The association of Pagg (Turban) and Sikhism go back as far as 1469 but it was Guru Gobind Singh Ji, who swore his beloved Khalsa to keep unshorn hair. Sikh men are the only ones in the world who adorn a Pagg.
The turban is seen as a symbol of faith, honor, self-respect, courage, spirituality and piety in Sikh culture. Even the Guru Granth Sahib Ji has outlined the importance of the turban in Sikh life: “Let living in his presence with mind rid if impurities, by your discipline. Keep the God given form intact with a turban donned in your head”, Guru Granth Sahib Ji, P-1084, line-22.
Once you wear a Pagg, it becomes part of you and is no longer a piece of cloth. If you remove someone’s Pagg off his head, it is considered as equal as to taking his pride and respect away from him. The dignity of the Pagg for the Sikh soldiers was so much that they fought the World War I and World War II with their Paggs on because they refused to wear helmets. The Pagg is so dear to the Sikh that if two friends swap their Pagg, they are said to be friends for life.

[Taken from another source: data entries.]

Lemma prox_dist_sqr_le ga gz z G w : 0 < ga -> 4 * ga <= gp -> ga <= 1 ->
  g z = gz%:E -> prox g ga (z - ga *: G) w ->
  enorm (w - z) ^+ 2 <=
    ga * (8 * `|gz - lb + enorm z ^+ 2 / gp| + 16 * enorm G ^+ 2).
Proof.
move=> ga0 ga_gp ga1 gzE /(prox_descent ga0 gzE) [gw gwE descent].
set e := enorm (w - z) in descent *; set N := enorm G.
apply: sqr_le_of_quadratic_le; first by rewrite ga0 ga1.
have lb_w : lb <= gw + 1 / (2 * gp) * enorm w ^+ 2.
  by have := g_lb w; rewrite gwE -EFinD lee_fin.
have w_le : enorm w ^+ 2 <= 2 * e ^+ 2 + 2 * enorm z ^+ 2.
  rewrite -[w](subrK z) enorm_sqrD -/e; have := ler_dot_enorm (w - z) z; rewrite -/e.
  by have := sqr_ge0 (e - enorm z); rewrite sqrrB; lra.
have w_le' : 1 / (2 * gp) * enorm w ^+ 2 <= e ^+ 2 / gp + enorm z ^+ 2 / gp.
  rewrite (_ : _ + _ = 1 / (2 * gp) * (2 * e ^+ 2 + 2 * enorm z ^+ 2)).
    by rewrite ler_wpM2l // divr_ge0 // mulr_ge0 // ltW.
  by field; rewrite gt_eqF.
have e_gp : e ^+ 2 / gp <= e ^+ 2 / (4 * ga).
  by rewrite ler_pdivrMr // mulrAC ler_pdivlMr ?mulr_gt0 // ler_wpM2l ?sqr_ge0.
have e_half : e ^+ 2 / (2 * ga) = 2 * (e ^+ 2 / (4 * ga)) by field; rewrite gt_eqF.
have := CauchySchwarz_enorm (w - z) G; rewrite -/e -/N ler_norml => /andP[DN _].
lra.
Qed.

End ProxStep.

Lemma exists_expr_le (R : realType) (beta eps : R) : 0 <= beta < 1 -> 0 < eps ->
  exists k : nat, beta ^+ k <= eps.
Proof.
move=> /andP[b0 b1] eps0.
have beta1 : `|beta| < 1 by rewrite ger0_norm.
have small := @cvgr0_norm_lt _ _ _ _ _ (fun k : nat => beta ^+ k) (cvg_expr beta1) eps eps0.
case: (small _) => k _ /(_ k (leqnn k)).
by rewrite /= ger0_norm ?exprn_ge0 // => /ltW; exists k.
Qed.

Lemma inner_accepted (R : realType) (n m : nat) (f : 'rV[R]_n -> R)
    (g : 'rV[R]_n -> \bar R) (c : 'I_m -> 'rV[R]_n -> R) (b : R -> R)
    (mu alpha beta gs gam : R) z zb :
  0 < beta -> 0 < gs -> inner f g c b mu alpha beta gs z gam zb ->
  0 < gam /\ accept f g c b mu alpha gam z zb.
Proof.
move=> beta0 + H; elim: H => // ga {}z zb' ga' {}zb _ _ _ IH ga0.
exact/IH/mulr_gt0.
Qed.

Section Backtracking.
Variables (R : realType) (n m : nat).
Local Notation V := 'rV[R]_n.
Implicit Types y z w : V.
Variables (f : V -> R) (g : V -> \bar R) (c : 'I_m -> V -> R) (b : R -> R).
Variables (mu alpha beta : R).
Local Notation qmu := (qmu f g c b mu).
Hypothesis f_smooth : smooth_LL f.
Hypothesis c_smooth : forall i, smooth_LL (c i).
Hypothesis b_C2 : forall t : R, t < 0 ->
  [/\ derivable b t 1, derivable (derive1 b) t 1
    & {for t, continuous (derive1 (derive1 b))}].
Hypothesis g_neq_ninfty : forall x, g x != -oo%E.
Variables (gp lb : R).
Hypothesis gp0 : 0 < gp.
Hypothesis g_lb : forall x, (lb%:E <= g x + (1 / (2 * gp) * enorm x ^+ 2)%:E)%E.
Hypothesis alpha01 : 0 < alpha < 1.
Hypothesis beta01 : 0 < beta < 1.

Lemma qmu_lt_pinfty y : strictly_feasible c y -> (q f g y < +oo)%E -> (qmu y < +oo)%E.
Proof. by rewrite /q /Defs.qmu /fmu => /asboolT ->; case: (g y) => // r _; rewrite ltry. Qed.

Lemma g_fin_of_qmu y : strictly_feasible c y -> (qmu y < +oo)%E -> g y = (fine (g y))%:E.
Proof.
rewrite /Defs.qmu /fmu => /asboolT ->.
by case gyE: (g y) => // _; have := g_neq_ninfty y; rewrite gyE.
Qed.

Lemma accept_qmu_le gam z zb : 0 < gam ->
  accept f g c b mu alpha gam z zb -> (qmu zb <= qmu z)%E.
Proof.
move=> gam0 [_ decrease _]; apply: le_trans decrease _.
have [_ /ltW alpha1] := andP alpha01.
rewrite leeBlDr // leeDl // lee_fin mulr_ge0 ?sqr_ge0 // divr_ge0 ?subr_ge0 //.
by rewrite mulr_ge0 // ltW.
Qed.

Lemma accept_small_steps z : strictly_feasible c z -> (qmu z < +oo)%E ->
  exists2 gb : R, 0 < gb & forall ga, 0 < ga -> ga <= gb ->
    forall w, Tmap f g c b mu ga z w -> accept f g c b mu alpha ga z w.
Proof.
move=> Fz /(g_fin_of_qmu Fz); set gz := fine (g z) => gzE.
have [r r0 [L L0 [feas fmuL descent]]] := fmuR_local mu f_smooth c_smooth b_C2 Fz.
set G := grad (fmuR f c b mu) z.
pose C := 8 * `|gz - lb + enorm z ^+ 2 / gp| + 16 * enorm G ^+ 2.
have C0 : 0 <= C by rewrite addr_ge0 // mulr_ge0 // sqr_ge0.
have [a0 a1] := andP alpha01.
exists (Num.min (Num.min (gp / 4) 1) (Num.min (r ^+ 2 / (C + 1)) (alpha / (2 * L + 1)))).
  by rewrite !lt_min !divr_gt0 ?exprn_gt0 ?ltr01 ?ltr_wpDl ?mulr_ge0.
move=> ga ga0; rewrite !le_min => /andP[/andP[ga_gp ga1] /andP[ga_r ga_alpha]] w Tw.
have [gw gwE wz] := prox_descent g_neq_ninfty ga0 gzE Tw.
set e := enorm (w - z) in wz *.
have w_near : e < r.
  rewrite -(ltr_pXn2r (n := 2)) ?nnegrE ?enorm_ge0 ?ltW //.
  apply: le_lt_trans (prox_dist_sqr_le g_neq_ninfty gp0 g_lb ga0 _ ga1 gzE Tw) _.
    by rewrite mulrC -ler_pdivlMr.
  rewrite -/C; apply: lt_le_trans (_ : ga * (C + 1) <= _).
    by rewrite ltr_pM2l // ltrDl.
  by rewrite -ler_pdivlMr // ltr_wpDl.
have L_le : L <= alpha / (2 * ga).
  by move: ga_alpha; rewrite !ler_pdivlMr ?mulr_gt0 ?ltr_wpDl ?mulr_ge0 //; nra.
split; first exact: feas.
- rewrite /Defs.qmu /fmu (asboolT (feas w w_near)) (asboolT Fz) gwE gzE.
  rewrite -!EFinD lee_fin -/e.
  have := descent w w_near; rewrite -/G -/e dotC.
  have : L * e ^+ 2 <= alpha / (2 * ga) * e ^+ 2 by rewrite ler_wpM2r ?sqr_ge0.
  have -> : (1 - alpha) / (2 * ga) * e ^+ 2 = e ^+ 2 / (2 * ga) - alpha / (2 * ga) * e ^+ 2.
    by field; rewrite gt_eqF.
  lra.
- apply: le_trans (fmuL w w_near) _; rewrite ler_wpM2r ?enorm_ge0 //.
  apply: le_trans L_le _; rewrite ler_pdivrMr ?mulr_gt0 // mulrAC ler_pdivlMr //.
  by rewrite ler_wpM2l ?ltW //; lra.
Qed.

Lemma backtracking_terminates z gs : strictly_feasible c z -> (qmu z < +oo)%E -> 0 < gs ->
  ~ (exists w : nat -> V, forall k : nat,
       Tmap f g c b mu (gs * beta ^+ k) z (w k) /\
       ~ accept f g c b mu alpha (gs * beta ^+ k) z (w k)).
Proof.
move=> Fz qz gs0 [w reject]; have [b0 b1] := andP beta01.
have [gb gb0 accepted] := accept_small_steps Fz qz.
have beta01' : 0 <= beta < 1 by rewrite (ltW b0) b1.
have [k bk] := exists_expr_le beta01' (divr_gt0 gb0 gs0).
have [Tw []] := reject k; apply: accepted Tw; first by rewrite mulr_gt0 // exprn_gt0.
by rewrite mulrC -ler_pdivlMr.
Qed.

Lemma ipfb_run_invariant eps gamma0 z0 N (z zb : nat -> V) (gam : nat -> R) :
  strictly_feasible c z0 -> 0 < gamma0 ->
  ipfb_run f g c b mu eps alpha beta gamma0 z0 N z zb gam ->
  forall j, (j <= N.+1)%N ->
    [/\ strictly_feasible c (z j), (qmu (z j) <= qmu z0)%E & 0 < gstart gamma0 gam j].
Proof.
move=> Fz0 gamma00 [z00 zS inn _]; have [b0 _] := andP beta01.
elim=> [_|j IH jN]; first by rewrite z00 lexx; split.
have jN' : (j <= N)%N by rewrite -ltnS.
have [_ qj gj] := IH (leqW jN').
have [gam0 acc] := inner_accepted b0 gj (inn j jN'); have [Fzb _ _] := acc.
by rewrite zS //; split => //; exact: le_trans (accept_qmu_le gam0 acc) qj.
Qed.

End Backtracking.

Unset Implicit Arguments.
Theorem lemma3p4 (R : realType) (n m : nat)
  (f : 'rV[R]_n -> R) (g : 'rV[R]_n -> \bar R) (c : 'I_m -> 'rV[R]_n -> R)
  (b : R -> R)
  (* standing assumptions on f, g, c *)
  (Hf : smooth_LL f)
  (Hg_proper : (forall x, g x != -oo%E) /\ (exists x, (g x < +oo)%E))
  (Hg_lsc : lower_semicontinuous g)
  (Hg_cont : forall (xk : nat -> 'rV[R]_n) (x : 'rV[R]_n),
      (forall k, (g (xk k) < +oo)%E) -> xk @ \oo --> x ->
      g (xk k) @[k --> \oo] --> g x)
  (Hc : forall i, smooth_LL (c i))
  (Hinf : ereal_inf [set q f g x | x in [set x | forall i, c i x <= 0]] \is a fin_num)
  (HF : exists x, (q f g x < +oo)%E /\ strictly_feasible c x)
  (* barrier *)
  (Hb_nonneg : forall t : R, t < 0 -> 0 <= b t)
  (Hb_C2 : forall t : R, t < 0 ->
      [/\ derivable b t 1, derivable (derive1 b) t 1 & {for t, continuous (derive1 (derive1 b))}])
  (Hb_incr : forall t : R, t < 0 -> 0 < derive1 b t)
  (Hb_blowup : b t @[t --> 0^'-] --> +oo)
  (* algorithm inputs and parameters *)
  (mu eps alpha beta gamma0 : R) (z0 : 'rV[R]_n)
  (Hmu : 0 < mu) (Heps : 0 < eps)
  (Hz0 : (q f g z0 < +oo)%E /\ strictly_feasible c z0)
  (Hgamma0 : 0 < gamma0 /\ exists gam' : R, gamma0 < gam' /\
      exists lb : R, forall x, (lb%:E <= g x + (1 / (2 * gam') * enorm x ^+ 2)%:E)%E)
  (Halpha : 0 < alpha < 1) (Hbeta : 0 < beta < 1) :
  forall (N : nat) (z zb : nat -> 'rV[R]_n) (gam : nat -> R),
    ipfb_run f g c b mu eps alpha beta gamma0 z0 N z zb gam ->
    [/\ (* (i) backtracking terminates: no infinite sequence of rejections *)
        (forall j, (j <= N.+1)%N ->
           ~ (exists w : nat -> 'rV[R]_n, forall k : nat,
                Tmap f g c b mu (gstart gamma0 gam j * beta ^+ k) (z j) (w k) /\
                ~ accept f g c b mu alpha (gstart gamma0 gam j * beta ^+ k) (z j) (w k))),
        (* (ii) sufficient decrease *)
        (forall j, (1 <= j <= N.+1)%N ->
           [/\ z j = zb j.-1,
               qmu f g c b mu (z j) = qmu f g c b mu (zb j.-1)
             & (qmu f g c b mu (zb j.-1) <=
                 qmu f g c b mu (z j.-1)
                 - ((1 - alpha) / (2 * gam j.-1) * enorm (zb j.-1 - z j.-1) ^+ 2)%:E)%E])
      & (* (iii) iterates stay in the initial sublevel set, which is proper *)
        (forall j, (j <= N)%N -> (qmu f g c b mu (zb j) <= qmu f g c b mu z0)%E)
        /\ (qmu f g c b mu z0 < +oo)%E].
Proof.
move=> N z zb gam run; have [_ zS inn _] := run.
have [g_neq_ninfty _] := Hg_proper; have [qz0 Fz0] := Hz0; have [beta0 _] := andP Hbeta.
have [gamma00 [gp [gamma0_gp [lb g_lb]]]] := Hgamma0.
have gp0 : 0 < gp := lt_trans gamma00 gamma0_gp.
have descent := ipfb_run_invariant Halpha Hbeta Fz0 gamma00 run.
have qmu_z0 := qmu_lt_pinfty b mu Fz0 qz0.
split.
- move=> j jN; have [Fj qj gj] := descent j jN.
  exact (backtracking_terminates Hf Hc Hb_C2 g_neq_ninfty gp0 g_lb Halpha Hbeta
    Fj (le_lt_trans qj qmu_z0) gj).
- move=> j /andP[j1 jN]; have jN' : (j.-1 <= N)%N by rewrite -ltnS prednK.
  have [_ _ gj] := descent j.-1 (leqW jN').
  have [_ [_ decrease _]] := inner_accepted beta0 gj (inn _ jN').
  have zj : z j = zb j.-1 by rewrite -zS // prednK.
  by rewrite zj; split.
- by split => // j jN; have [_] := descent j.+1 jN; rewrite zS.
Qed.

Though there are many famous and distinctive types of Pagg. One of them is the Patiala Shahi Pagg. Over time with cross migration of Sikh from Punjab, and abroad the Patiala, Pagg has evolved. The style has been affected, but, the Patiala Shahi Pagg is still considered as an art form. The Patiala Paag is known to be capturing the care-free spirit as the larhs (layers), on both sides do not require to be worn neatly or in a distinguished manner. The Patiala Pagg suits better on broad faces and sharp features with ethnic characteristics.
It was during the Reign of Maharaja Rajinder Singh that the Patiala Shahi Pagg took its final shape and light color selection. The state colors of the Patiala Pagg are light Pink and lemon. In fact, at times the color of the Pagg use to let you know which festival is going on. During Dusehra, the tarbuzi (watermelon) color was worn and the dhani (dark green) to mark the muslim mourning at Moharram,. Though the art of how to get the right colors of the Patiala Pagg is fading as very few traditional artists ply the trade now in the region, still there are few neelgars (dyers), who truly know how to get the colors right.
The Pagg has a round look with its rear being flat. The perfect triangular effect with the fifty (a band of cloth worn under the turban, the color usually matches) is given by depressing the cloth by the thumb on the forehead. Other requisites of the turban is a seven-and-a-half meter cloth, usually finlays ‘F-74 mal-mal fabric, which is cut in half and sewn together to get double the width. Little starch and a twist in the last lardh (layer).
That is why the Sikh men proudly say “Pagg nal uchi sadi shaan jag te. Kita Pagg ne hi ucha sada maan jag te” (Pagg has made our pride high in the world. Pagg has given us high respect in the world.